I'm not entirely sure where to start. This October we make 5 years of marriage. I do not even remember why I accepted this marriage. We did not propose to each other and we did not speak enough together.
They did not even force me or you. Both, we accepted thinking that our parents would be happy.
At first, I was happy with the idea, but the closer my wedding day approached, the more I was irritated. I was not happy, but with me I thought that in the end everything would go well.
The first months of marriage resembled a novel, introduced you to my friends and so we would know each other better. Anyhow, there was always something in my mind that did not go.
No one except my close social circle knows I'm married. To the outside world, you're a secret. There is nothing Facebook posting that unites us. Other couples change their surnames, take pictures together, or add-ons and birthdays. Not me!
I look after you, protect you, buy whatever you want, but I have no emotional connection with you. The truth is that I have never loved you properly, or I give you back the love you gave me.
It is painful to see how you look in my eyes and tell me "I Love You". "I love you" is my answer, but it is empty, without emotion. At our best, we are nothing more than good friends. After 5 years I still do not know what your favorite color is.
Our sexual life almost does not exist at all; in the last 18 months we have only sex 3 times. In conversation among friends, my friend told me about sex with his partner. I was depressed knowing their routine.
As a 30-year-old I am, I want to have a regular sex life, but not with you. I love someone with whom I have emotional attraction. I can not force myself so hard to touch you in that way.

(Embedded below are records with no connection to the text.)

(* Let $E$ be a uniformly smooth real Banach space, $D\subseteq E$ a nonempty closed convex subset, and $T:D\to D$ a nonexpansive mapping with $F(T)\neq\emptyset$. Let $f_n,g_n:D\to D$ ($n\ge0$) be mappings, and let $\{x_n\}$ be defined by $x_0\in D$ and, for $n\ge0$, $$y_n=\beta_n g_n(x_n)+(1-\beta_n)Tx_n,\qquad x_{n+1}=\alpha_n f_n(x_n)+(1-\alpha_n)Ty_n.$$ Assume: (i) there is $L\in(0,1)$ with $\|f_n(x)-f_n(y)\|\le L\|x-y\|$ for all $x,y\in D$ and all $n$, and $f_n\to f$ uniformly on $D$ for some $f\in\Pi_D$; (ii) there are a constant $M>0$ and nonnegative numbers $\delta_n$ with $\sum_{n=0}^\infty\delta_n<\infty$ such that $\beta_n\|g_n(x)-x\|\le\delta_n(\|x\|+M)$ for all $x\in D$ and all $n$; (iii) $\alpha_n\in[0,1]$, $\alpha_n\to0$ and $\sum_{n=0}^\infty\alpha_n=\infty$; (iv) $\beta_n\in(0,1]$; (v) $\{x_n\}$ is bounded and $\|Tx_n-x_n\|\to0$. Then $\{x_n\}$ converges strongly to $Q(f)$.
   Context: $F(T)=\{x\in D: Tx=x\}$ denotes the fixed point set of $T$. $\Pi_D$ denotes the set of contractions on $D$: maps $f:D\to D$ for which there is $\alpha\in(0,1)$ with $\|f(x)-f(y)\|\le\alpha\|x-y\|$ for all $x,y\in D$. For $f\in\Pi_D$ and $t\in(0,1)$, let $x_t\in D$ be the unique solution of $x_t=tf(x_t)+(1-t)Tx_t$. When $E$ is uniformly smooth and $F(T)\neq\emptyset$, the strong limit $\lim_{t\to0^+}x_t$ exists and lies in $F(T)$ (a known result of Xu); the map $Q:\Pi_D\to F(T)$ is defined by $Q(f):=\lim_{t\to0^+}x_t$. *)

From Stdlib Require Import Reals.
Open Scope R_scope.

Record RBanach := {
  car :> Type;
  vzero : car;
  vadd : car -> car -> car;
  vopp : car -> car;
  vscal : R -> car -> car;
  vnorm : car -> R;
  vadd_assoc : forall x y z, vadd x (vadd y z) = vadd (vadd x y) z;
  vadd_comm : forall x y, vadd x y = vadd y x;
  vadd_0 : forall x, vadd x vzero = x;
  vadd_opp : forall x, vadd x (vopp x) = vzero;
  vscal_1 : forall x, vscal 1 x = x;
  vscal_assoc : forall a b x, vscal a (vscal b x) = vscal (a * b) x;
  vscal_distr_v : forall a x y, vscal a (vadd x y) = vadd (vscal a x) (vscal a y);
  vscal_distr_s : forall a b x, vscal (a + b) x = vadd (vscal a x) (vscal b x);
  vnorm_eq0 : forall x, vnorm x = 0 -> x = vzero;
  vnorm_scal : forall a x, vnorm (vscal a x) = Rabs a * vnorm x;
  vnorm_triangle : forall x y, vnorm (vadd x y) <= vnorm x + vnorm y;
  vcomplete : forall u : nat -> car,
    (forall eps, eps > 0 -> exists N, forall m n, (m >= N)%nat -> (n >= N)%nat ->
        vnorm (vadd (u m) (vopp (u n))) < eps) ->
    exists l, forall eps, eps > 0 -> exists N, forall n, (n >= N)%nat ->
        vnorm (vadd (u n) (vopp l)) < eps
}.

Last year, you went to your family and stayed there for several weeks in a row. I was just at home and I felt so happy. Most people are sad when they only find the house, but I do not. In my heart, I prayed so much that you did not turn back.
I know that he will do all that I was happy but disaster, I do not want to be with you anymore. Anyhow, I miss the courage to tell you I want to divorce. I do not want to hurt you, but I do not know how to do this conversation with you.
Never in my life had I thought I would marry and later enjoy the divorce. When you turn your head back, I realize I should never have accepted marrying. I should not just accept the idea that my parents would be happy.
As I said before, I do not fancy you, but I will not hurt you. I'm not selfish, I'm just unhappy in the situation that we are.
* Note: This letter has been adapted by The Guardian.